Acclaimed director says he has worked with robots and subs at much greater depths than Gulf well

Blockbuster king James Cameron's offer to help BP stem the flow of oil from a leaking Gulf of Mexico well was spurned by the oil giant, even though the director says he knows his way around the ocean's depths.

"Over the last few weeks I've watched, as we all have, with growing horror and heartache, watching what's happening in the Gulf and thinking those morons don't know what they're doing," Cameron said at the All Things Digital technology conference.

Cameron, the director of "The Abyss," "Titanic" and "Avatar," has worked extensively with robot submarines and is considered an expert in undersea filming. His comments came a day after he participated in a meeting at the U.S. Environmental Protection Agency headquarters in Washington to "brainstorm" solutions to the oil spill.

Cameron said his offer to help was "graciously" turned away by the British energy company but said he has not spoken to the White House about his offer. So far, methods with names like "top hat," "top kill" and "junk shot" have failed. The first was a 100-ton containment box that was lowered onto the broken pipe but was unexpectedly rendered buoyant by gases rising from 13,000 feet beneath the seabed. The other methods basically involved clogging the pipe with debris including golf balls and old tires. All have flopped.
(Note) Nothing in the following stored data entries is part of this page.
(* Let $N\ge 0$ and let $a_0,\dots,a_N\in\mathbb C$ with $|a_k|<1$ for $0\le k\le N-1$ and $|a_N|=1$. Let $\Phi_0,\dots,\Phi_{N+1}$ be the monic polynomials generated by the Szegő recurrence from $a_0,\dots,a_N$, let $z_1,\dots,z_{N+1}$ be the (simple, unimodular) zeros of $\Phi_{N+1}$, and let $w_1,\dots,w_{N+1}>0$, $\sum_s w_s=1$, be the weights of the unique probability measure $\sum_s w_s\delta_{z_s}$ with respect to which $\sum_{s}\Phi_n(z_s)\overline{\Phi_m(z_s)}w_s=h_n\delta_{nm}$ for $0\le m,n\le N$, where $h_n=\prod_{k=0}^{n-1}(1-|a_k|^2)$. Define the mirror-dual parameters $\tilde a_n=-a_N\,\overline{a_{N-n-1}}$ for $n=0,1,\dots,N$, with the convention $a_{-1}=-1$ (so $\tilde a_N=a_N$), and let $\tilde\Phi_0,\dots,\tilde\Phi_{N+1}$ be the monic polynomials generated by the Szegő recurrence from $\tilde a_0,\dots,\tilde a_N$. Then: (i) $|\tilde a_k|<1$ for $k<N$, $|\tilde a_N|=1$, and $\tilde\Phi_{N+1}=\Phi_{N+1}$; in particular $\tilde\Phi_0,\dots,\tilde\Phi_N$ are orthogonal with respect to a probability measure $\sum_s\tilde w_s\delta_{z_s}$ ($\tilde w_s>0$, $\sum_s\tilde w_s=1$) supported on the same points $z_1,\dots,z_{N+1}$; (ii) the weights satisfy $$\tilde w_s\,w_s=\frac{h_N}{|\Phi_{N+1}'(z_s)|^2},\qquad s=1,\dots,N+1 .$$ Conversely, if two systems of para-orthogonal polynomials (each generated by Verblunsky parameters $b_0,\dots,b_N$, resp. $\tilde b_0,\dots,\tilde b_N$, with moduli $<1$ except the last one of modulus $1$) have final polynomials with the same zero set $\{z_1,\dots,z_{N+1}\}$, and their orthogonality weights satisfy $\tilde w_s w_s=c/|\Phi_{N+1}'(z_s)|^2$ for all $s$ and some constant $c>0$, then $\tilde b_n=-b_N\overline{b_{N-n-1}}$ for $n=0,\dots,N$ (with $b_{-1}=-1$).
   Context: Szegő recurrence: given complex numbers $a_0,a_1,\dots$, set $\Phi_0(z)=1$ and $\Phi_{n+1}(z)=z\Phi_n(z)-\overline{a_n}\,\Phi_n^*(z)$, where $\Phi_n^*(z)=z^n\,\overline{\Phi_n}(1/z)$ and $\overline{\Phi_n}$ denotes the polynomial whose coefficients are the complex conjugates of those of $\Phi_n$. The $a_n$ are called Verblunsky parameters. When $|a_k|<1$ for $k<N$ and $|a_N|=1$, $\Phi_{N+1}$ has $N+1$ simple zeros on the unit circle and $\Phi_0,\dots,\Phi_N$ are orthogonal with respect to a unique probability measure supported on these zeros; such a finite system is called a system of para-orthogonal polynomials on the unit circle (POPUC). *)

From HB Require Import structures.
From mathcomp Require Import all_boot all_order all_algebra.
Set Implicit Arguments. Unset Strict Implicit. Unset Printing Implicit Defensive.
Import Order.TTheory GRing.Theory Num.Theory.
Local Open Scope ring_scope.

(* Complex numbers are modelled by an arbitrary numClosedFieldType C
   (e.g. algC, or R[i] for a real closed R); conjugation is x^*. *)

(* Phi_n^*(z) = z^n * conj(Phi_n)(1/z): coefficient of z^i is conj(p_{n-i}). *)
Definition pstar (C : numClosedFieldType) (n : nat) (p : {poly C}) : {poly C} :=
  \poly_(i < n.+1) (p`_(n - i))^*.

Fixpoint Phi (C : numClosedFieldType) (a : nat -> C) (n : nat) : {poly C} :=
  match n with
  | 0 => 1
  | n'.+1 => 'X * Phi a n' - ((a n')^*)%:P * pstar n' (Phi a n')
  end.

Definition hnorm (C : numClosedFieldType) (a : nat -> C) (n : nat) : C :=
  \prod_(k < n) (1 - `|a k| ^+ 2).

Definition popuc_params (C : numClosedFieldType) (N : nat) (a : nat -> C) : Prop :=
  (forall k, (k < N)%N -> `|a k| < 1) /\ `|a N| = 1.

Definition simple_zeros (C : numClosedFieldType) (N : nat) (p : {poly C})
  (z : 'I_N.+1 -> C) : Prop :=
  injective z /\ p = \prod_(s < N.+1) ('X - (z s)%:P).

Definition orth_weights (C : numClosedFieldType) (N : nat) (a : nat -> C)
  (z : 'I_N.+1 -> C) (w : 'I_N.+1 -> C) : Prop :=
  (forall s, 0 < w s) /\ \sum_(s < N.+1) w s = 1 /\
  (forall n m, (n <= N)%N -> (m <= N)%N ->
     \sum_(s < N.+1) (Phi a n).[z s] * ((Phi a m).[z s])^* * w s
       = (if n == m then hnorm a n else 0)).

Definition mirror (C : numClosedFieldType) (N : nat) (a : nat -> C) (n : nat) : C :=
  - a N * (if (n < N)%N then a (N - n.+1)%N else -1)^*.

Arguments popuc_params {C} N a.
Arguments simple_zeros {C} N p z.
Arguments orth_weights {C} N a z w.
Arguments mirror {C} N a n.

From HB Require Import structures.
From mathcomp Require Import all_boot all_order all_algebra.
From mathcomp Require Import ring zify.
Import Order.TTheory GRing.Theory Num.Theory.
Local Open Scope ring_scope.
Set Implicit Arguments. Unset Strict Implicit. Unset Printing Implicit Defensive.

(* 1. Christoffel–Darboux.  The kernel K(x, y) = sum_k Phi_k(x) conj(Phi_k(y)) h_N/h_k
      satisfies (1 - x conj y) K(x, y)
        = Phi*_N(x) conj Phi*_N(y) - x conj y Phi_N(x) conj Phi_N(y);
      at the nodes this shows |z_s| = 1, K(z_s, z_t) = 0 for s <> t, and the
      orthogonality measure is unique, given by the Christoffel numbers
      w_s = h_N / K(z_s, z_s).  Differentiating the identity in x at z_s gives
      K(z_s, z_s) = conj(Phi_N(z_s)) Phi_{N+1}'(z_s).
   2. Transfer matrices.  Writing the recurrence as a product of 2 x 2 polynomial
      matrices, the mirror parameters produce (up to diagonal factors) the
      transposed product.  Comparing entries yields Phi~_{N+1} = Phi_{N+1} and,
      via the determinant h_N X^N, the node identity
      z Phi_N(z) Phi~_N(z) = conj(a_N) z^N h_N, whence |Phi_N Phi~_N| = h_N at
      the nodes.  Together with 1. this is the product formula.
   3. Uniqueness.  A measure on N+1 points determines Phi_0, ..., Phi_N
      (the difference of two candidates is orthogonal to itself), hence the
      parameters; weights obeying the product formula up to a constant are
      proportional, hence equal, to the mirror Christoffel numbers. *)

Lemma poly_eq0_on_nodes (R : idomainType) n (p : {poly R}) (z : 'I_n -> R) :
  injective z -> (size p <= n)%N -> (forall s, p.[z s] = 0) -> p = 0.
Proof.
move=> zI sp pz; apply: (@roots_geq_poly_eq0 _ _ [seq z s | s <- enum 'I_n]).
- by apply/allP => _ /mapP[s _ ->]; rewrite /root pz.
- by rewrite map_inj_uniq ?enum_uniq.
- by rewrite size_map size_enum_ord.
Qed.

(* In characteristic zero, polynomials are determined by their values
   (compare them on the points 0, 1, 2, ...). *)
Lemma poly_horner_ext (R : numDomainType) (p q : {poly R}) :
  (forall x, p.[x] = q.[x]) -> p = q.
Proof.
move=> pq; apply/eqP; rewrite -subr_eq0; apply/eqP.
apply: (@poly_eq0_on_nodes _ _ _ (fun i : 'I_(size (p - q)) => (i : nat)%:R)) => //.
- by move=> i j /eqP; rewrite eqr_nat => /eqP /val_inj.
- by move=> i; rewrite hornerD hornerN pq subrr.
Qed.

Section ReversedPolynomial.
Variable C : numClosedFieldType.
Implicit Types (p q : {poly C}) (c : C).

Lemma coef_pstar n p i :
  (pstar n p)`_i = if (i < n.+1)%N then (p`_(n - i))^* else 0.
Proof. by rewrite coef_poly. Qed.

Lemma pstarXM n p : pstar n.+1 ('X * p) = pstar n p.
Proof.
apply/polyP => i; rewrite !coef_pstar coefXM.
have [ltin|leni] := ltnP i n.+1; first by rewrite ltnS ltnW // subSn.
rewrite ltnS leq_eqVlt; case: eqP => [->|_] /=; first by rewrite subnn rmorph0.
by rewrite ltnNge leni.
Qed.

Lemma pstarB_scale n p q c :
  pstar n (p - c%:P * q) = pstar n p - (c^*)%:P * pstar n q.
Proof.
apply/polyP => i; rewrite coefB coefCM !coef_pstar coefB coefCM.
by case: ifP => _; rewrite ?mulr0 ?subr0 // rmorphB rmorphM.
Qed.

Lemma pstarK n p : (size p <= n.+1)%N -> pstar n.+1 (pstar n p) = 'X * p.
Proof.
move=> sp; apply/polyP => -[|i]; rewrite coef_pstar coefXM ?coef_pstar /=.
  by rewrite subn0 ltnn rmorph0.
rewrite !ltnS subSS; have [le_in|lt_ni] := leqP i n.
  by rewrite leq_subr subKn // conjCK.
by rewrite (leq_sizeP _ _ sp) // ltnW.
Qed.
End ReversedPolynomial.

Section SzegoRecurrence.
Variable C : numClosedFieldType.
Variable a : nat -> C.

Definition Phistar n := pstar n (Phi a n).

(* Partial norms h_N / h_k = prod_{k <= j < N} (1 - |a_j|^2). *)
Definition htail k n := \prod_(k <= j < n) (1 - `|a j| ^+ 2).

Lemma size_Phi n : (size (Phi a n) <= n.+1)%N.
Proof.
elim: n => [|n IH] /=; first by rewrite size_poly1.
rewrite (leq_trans (size_polyD _ _)) // geq_max size_polyN.
rewrite (leq_trans (size_polyMleq _ _)) ?size_polyX //=.
rewrite (leq_trans (size_polyMleq _ _)) // size_polyC.
have := size_poly n.+1 (fun i => ((Phi a n)`_(n - i))^*); rewrite -/(pstar n _).
by case: (_ != 0) => /=; lia.
Qed.

Lemma lead_Phi n : (Phi a n)`_n = 1.
Proof.
elim: n => [|n IH] /=; first by rewrite coefC.
by rewrite coefB coefXM IH coefCM coef_pstar ltnn mulr0 subr0.
Qed.

Lemma Phi_rec n : Phi a n.+1 = 'X * Phi a n - ((a n)^*)%:P * Phistar n.
Proof. by []. Qed.

Lemma horner_Phi0 x : (Phi a 0).[x] = 1.
Proof. exact: hornerC. Qed.

Lemma Phistar0 : Phistar 0 = 1.
Proof.
by apply/polyP => -[|i]; rewrite coef_pstar coefC /= ?coefC ?rmorph1.
Qed.

Lemma Phistar_rec n : Phistar n.+1 = Phistar n - (a n)%:P * ('X * Phi a n).
Proof.
by rewrite /Phistar Phi_rec pstarB_scale pstarXM pstarK ?size_Phi // conjCK.
Qed.

Lemma horner_Phi_rec n x :
  (Phi a n.+1).[x] = x * (Phi a n).[x] - (a n)^* * (Phistar n).[x].
Proof. by rewrite Phi_rec !hornerE mulrC. Qed.

Lemma horner_Phistar_rec n x :
  (Phistar n.+1).[x] = (Phistar n).[x] - a n * x * (Phi a n).[x].
Proof. by rewrite Phistar_rec !hornerE. Qed.

(* Phi_{n+1}(0) = - conj(a_n): the parameters are read off the polynomials. *)
Lemma coef0_Phi n : (Phi a n.+1)`_0 = - (a n)^*.
Proof.
rewrite Phi_rec coefB coefXM coefCM.
by rewrite coef_pstar subn0 lead_Phi rmorph1 mulr1 sub0r.
Qed.

Lemma htail_recr k n : (k <= n)%N -> htail k n.+1 = htail k n * (1 - `|a n| ^+ 2).
Proof. by move=> kn; rewrite /htail big_nat_recr. Qed.

Lemma htail0 n : htail 0 n = hnorm a n.
Proof. by rewrite /htail /hnorm big_mkord. Qed.

Lemma hnorm_htail n m : (n <= m)%N -> hnorm a n * htail n m = hnorm a m.
Proof. by move=> nm; rewrite -!htail0 /htail -big_cat_nat. Qed.

Lemma htailnn n : htail n n = 1.
Proof. by rewrite /htail big_geq. Qed.

Lemma christoffel_darboux n x y :
  (Phistar n).[x] * ((Phistar n).[y])^* - x * y^* * (Phi a n).[x] * ((Phi a n).[y])^*
  = (1 - x * y^*) * \sum_(k < n.+1) (Phi a k).[x] * ((Phi a k).[y])^* * htail k n.
Proof.
elim: n => [|n IH].
  by rewrite big_ord1 Phistar0 /= !hornerC htailnn !rmorph1 !mulr1.
rewrite big_ord_recr /= htailnn mulr1.
rewrite (eq_bigr (fun k : 'I_n.+1 =>
    (Phi a k).[x] * ((Phi a k).[y])^* * htail k n * (1 - `|a n| ^+ 2))); last first.
  by move=> k _; rewrite htail_recr ?mulrA // -ltnS.
rewrite -mulr_suml mulrDr mulrA (mulrC _ (1 - _)) -mulrA -IH.
rewrite !horner_Phi_rec !horner_Phistar_rec normCK !rmorphB !rmorphM /= !conjCK.
ring.
Qed.
End SzegoRecurrence.

Section Nodes.
Variables (C : numClosedFieldType) (N : nat) (a : nat -> C) (z : 'I_N.+1 -> C).
Hypothesis pa : popuc_params N a.
Hypothesis sz : simple_zeros N (Phi a N.+1) z.

Lemma aN_unit : a N * (a N)^* = 1.
Proof. by rewrite -normCK (proj2 pa) expr1n. Qed.

Lemma htail_gt0 k : 0 < htail a k N.
Proof.
rewrite /htail big_nat_cond; apply: prodr_gt0 => j /andP[/andP[_ jN] _].
by rewrite subr_gt0 exprn_ilt1 ?normr_ge0 ?(proj1 pa).
Qed.

Lemma hnorm_gt0 : 0 < hnorm a N.
Proof. by rewrite -htail0 htail_gt0. Qed.

Lemma Phi_node s : (Phi a N.+1).[z s] = 0.
Proof. by rewrite (proj2 sz) horner_prod (bigD1 s) //= hornerXsubC subrr mul0r. Qed.

(* At a node, Phi_{N+1}(z) = 0 reads Phi_N^*(z) = a_N z Phi_N(z). *)
Lemma Phistar_node s : (Phistar a N).[z s] = a N * z s * (Phi a N).[z s].
Proof.
have /eqP := Phi_node s; rewrite horner_Phi_rec subr_eq0 -mulrA => /eqP ->.
by rewrite mulrA aN_unit mul1r.
Qed.

Definition kern s t :=
  \sum_(k < N.+1) (Phi a k).[z s] * ((Phi a k).[z t])^* * htail a k N.

(* By Christoffel–Darboux and the node relation,
   (1 - z_s conj(z_t)) K(z_s, z_t) = 0. *)
Lemma kern_annihilated s t : (1 - z s * (z t)^*) * kern s t = 0.
Proof.
rewrite /kern -christoffel_darboux !Phistar_node !rmorphM /=.
transitivity ((a N * (a N)^* - 1) *
  (z s * (z t)^* * (Phi a N).[z s] * ((Phi a N).[z t])^*)); first ring.
by rewrite aN_unit subrr mul0r.
Qed.

(* On the diagonal the kernel is at least its k = 0 term h_N > 0. *)
Lemma kern_gt0 s : 0 < kern s s.
Proof.
rewrite /kern big_ord_recl /= hornerC rmorph1 !mul1r ltr_wpDr ?htail_gt0 //.
by apply: sumr_ge0 => k _; rewrite mulr_ge0 ?mul_conjC_ge0 ?ltW ?htail_gt0.
Qed.

Lemma node_unimodular s : z s * (z s)^* = 1.
Proof.
have /eqP := kern_annihilated s s.
by rewrite mulf_eq0 (gt_eqF (kern_gt0 s)) orbF subr_eq0 => /eqP.
Qed.

Lemma norm_node s : `|z s| = 1.
Proof.
by apply/eqP; rewrite -(@pexpr_eq1 _ _ 2) // normCK node_unimodular.
Qed.

Lemma kern_offdiag s t : s != t -> kern s t = 0.
Proof.
move=> st; have /eqP := kern_annihilated s t; rewrite mulf_eq0 => /orP[|/eqP //].
rewrite subr_eq0 => /eqP zst; suff zts : z t = z s by rewrite (proj1 sz _ _ zts) eqxx in st.
by rewrite -[z t]mul1r zst -mulrA (mulrC _ (z t)) node_unimodular mulr1.
Qed.

Definition kern_poly s : {poly C} :=
  \sum_(k < N.+1) Phi a k * (((Phi a k).[z s])^* * htail a k N)%:P.

Lemma horner_kern_poly s x : (kern_poly s).[x]
  = \sum_(k < N.+1) (Phi a k).[x] * ((Phi a k).[z s])^* * htail a k N.
Proof. by rewrite horner_sum; apply: eq_bigr => k _; rewrite hornerM hornerC mulrA. Qed.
BP is currently trying to slice the bent pipe and install a sealed dome on it once there is a straight section to cap. But experts believe the bend in the pipe is actually slowing the flow and that the new approach, even if successful, will at least temporarily increase the flow by as much as 20 percent. If it works, the dome will allow BP to siphon the oil upward to a waiting ship. The gambit hit a snag Wednesday, when the diamond-tipped saw got stuck. But officials hoped to get it working again quickly.
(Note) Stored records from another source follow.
Variables (g : pt F -> algC) (z : F).
Hypothesis gP : supported_on_plane g z.

Lemma conv_Kker_on_plane x : x.2 = z -> conv g (Kker e) x = 0.
Proof.
move=> x2z; rewrite (conv_supported_on_plane _ _ gP); apply: big1 => a _.
by rewrite x2z subrr Kker_plane0 mulr0.
Qed.

Lemma conv_Kker_off_plane x : x.2 != z ->
  conv g (Kker e) x = q ^- 2 * gauss_sum2 e (x.2 - z) *
    \sum_a g (a, z) * e (- ((4 * (x.2 - z))^-1 *
      dot2 (x.1.1 - a.1, x.1.2 - a.2) (x.1.1 - a.1, x.1.2 - a.2))).
Proof.
move=> x2_neq_z; rewrite (conv_supported_on_plane _ _ gP) mulr_sumr.
apply: eq_bigr => a _; rewrite Kker_off_plane ?subr_eq0 //; ring.
Qed.

End Kernel.

Lemma addchar0_cases (F : finFieldType) (e : F -> algC) :
  (forall x y, e (x + y) = e x * e y) -> e 0 = 1 \/ forall x, e x = 0.
Proof.
move=> eD; have : e 0 * (e 0 - 1) = 0 by rewrite mulrBr mulr1 -eD addr0 subrr.
move/eqP; rewrite mulf_eq0 subr_eq0 => /orP[/eqP e00|/eqP]; last by left.
by right=> x; rewrite -[x]addr0 eD e00 mulr0.
Qed.

Lemma conv_Kker_zero_char (F : finFieldType) (e : F -> algC) g z x :
  (forall y, e y = 0) -> supported_on_plane g z -> x.2 != z -> conv g (Kker e) x = 0.
Proof.
move=> e_eq0 gP x2_neq_z; rewrite (conv_supported_on_plane _ _ gP); apply: big1 => a _.
rewrite /Kker /dsigma_check /delta0 /= xpair_eqE.
rewrite (negbTE (_ : x.2 - z != 0)) ?subr_eq0 // andbF subr0.
by rewrite big1 ?mulr0 // => u _; rewrite e_eq0.
Qed.

Lemma pencil_root_uniq (F : fieldType) (z z' w1 w2 d d' : F) : z != z' ->
  (w1 - z') * d + (w1 - z) * d' = 0 -> (w2 - z') * d + (w2 - z) * d' = 0 ->
  w1 = w2 \/ d = 0 /\ d' = 0.
Proof.
move=> zz' E1 E2.
have /eqP : (w1 - w2) * (d + d') = 0 by rewrite -[RHS](subrr 0) -{1}E1 -E2; ring.
rewrite mulf_eq0 subr_eq0 => /orP[/eqP ->|]; first by left.
rewrite addr_eq0 => /eqP d'E; right.
have /eqP : (z - z') * d' = 0 by rewrite -[0]oppr0 -E1 d'E; ring.
rewrite mulf_eq0 subr_eq0 (negbTE zz') /= => /eqP d'0.
by rewrite d'E d'0 oppr0.
Qed.

Section PhaseMatch.

Variables (F : finFieldType) (z z' : F).

(* Up to the factor 2(w-z)(w-z'), this says that the phases of p1 and p2 on the
   plane x_3 = w (see [phase] below) have the same linear part. *)
Definition phase_match (w : F) (p1 p2 : (F * F) * (F * F)) : bool :=
  [&& w != z, w != z',
   (w - z') * (p1.1.1 - p2.1.1) + (w - z) * (p1.2.1 - p2.2.1) == 0 &
   (w - z') * (p1.1.2 - p2.1.2) + (w - z) * (p1.2.2 - p2.2.2) == 0].

Lemma phase_match_trapezoid w p1 p2 :
  phase_match w p1 p2 -> trapezoid p1.1 p2.1 p1.2 p2.2.
Proof.
case/and4P=> _ wz' /eqP E1 /eqP E2.
have s_neq0 : w - z' != 0 by rewrite subr_eq0.
apply/existsP; exists (- (w - z) / (w - z')).
apply/andP; split; rewrite -subr_eq0; apply/eqP.
  by rewrite -(mulr0 (w - z')^-1) -E1; field.
by rewrite -(mulr0 (w - z')^-1) -E2; field.
Qed.

Hypothesis zz' : z != z'.

Lemma phase_match_uniq w1 w2 p1 p2 :
  p1 != p2 -> phase_match w1 p1 p2 -> phase_match w2 p1 p2 -> w1 = w2.
Proof.
case: p1 p2 => [[x1 x2] [x3 x4]] [[y1 y2] [y3 y4]] p12.
case/and4P=> _ _ /eqP /= A1 /eqP /= A2 /and4P[_ _ /eqP /= B1 /eqP /= B2].
have [//|[/eqP + /eqP]] := pencil_root_uniq zz' A1 B1.
have [//|[/eqP + /eqP]] := pencil_root_uniq zz' A2 B2.
rewrite !subr_eq0 => /eqP E2 /eqP E4 /eqP E1 /eqP E3.
by move: p12; rewrite E1 E2 E3 E4 eqxx.
Qed.

Lemma sum_phase_match_le p1 p2 :
  (\sum_w phase_match w p1 p2 <= #|F| * (p1 == p2) + trapezoid p1.1 p2.1 p1.2 p2.2)%N.
Proof.
rewrite sum_nat_of_bool.
have [<-|p12] := eqVneq p1 p2; first by rewrite muln1 (leq_trans (max_card _)) ?leq_addr.
rewrite muln0 add0n.
case trap: (trapezoid _ _ _ _).
  apply/card_le1_eqP => w1 w2; rewrite !unfold_in => w1P w2P.
  exact: phase_match_uniq p12 w2P w1P.
rewrite /= leqn0; apply/eqP/eq_card0 => w; apply/negP; rewrite unfold_in.
by move/phase_match_trapezoid; rewrite trap.
Qed.

End PhaseMatch.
Meanwhile, BP is trying a longer-term approach, drilling diagonally through bedrock toward the pipeline, a method that could intercept the erupting oil but is more than a month away from fruition.

The growing oil slick has reached the shores of Louisiana, Alabama and Mississippi and is just nine miles from the coast of Florida, according to officials.

Cameron believes he could be of service, especially in directing robots at the mile-deep leak site. The company has tried several gambits to stanch the leak, which began on April 20, when the Deepwater Horizon rig exploded in a fireball.

"I know really, really, really smart people that work typically at depths much greater than what that well is at," Cameron said.

While acknowledging that his contacts in the deep-sea industry do not drill for oil, Cameron said that they are accustomed to operating various underwater vehicles and electronic optical fiber systems.

"Most importantly," he added, "they know the engineering that it requires to get something done at that depth."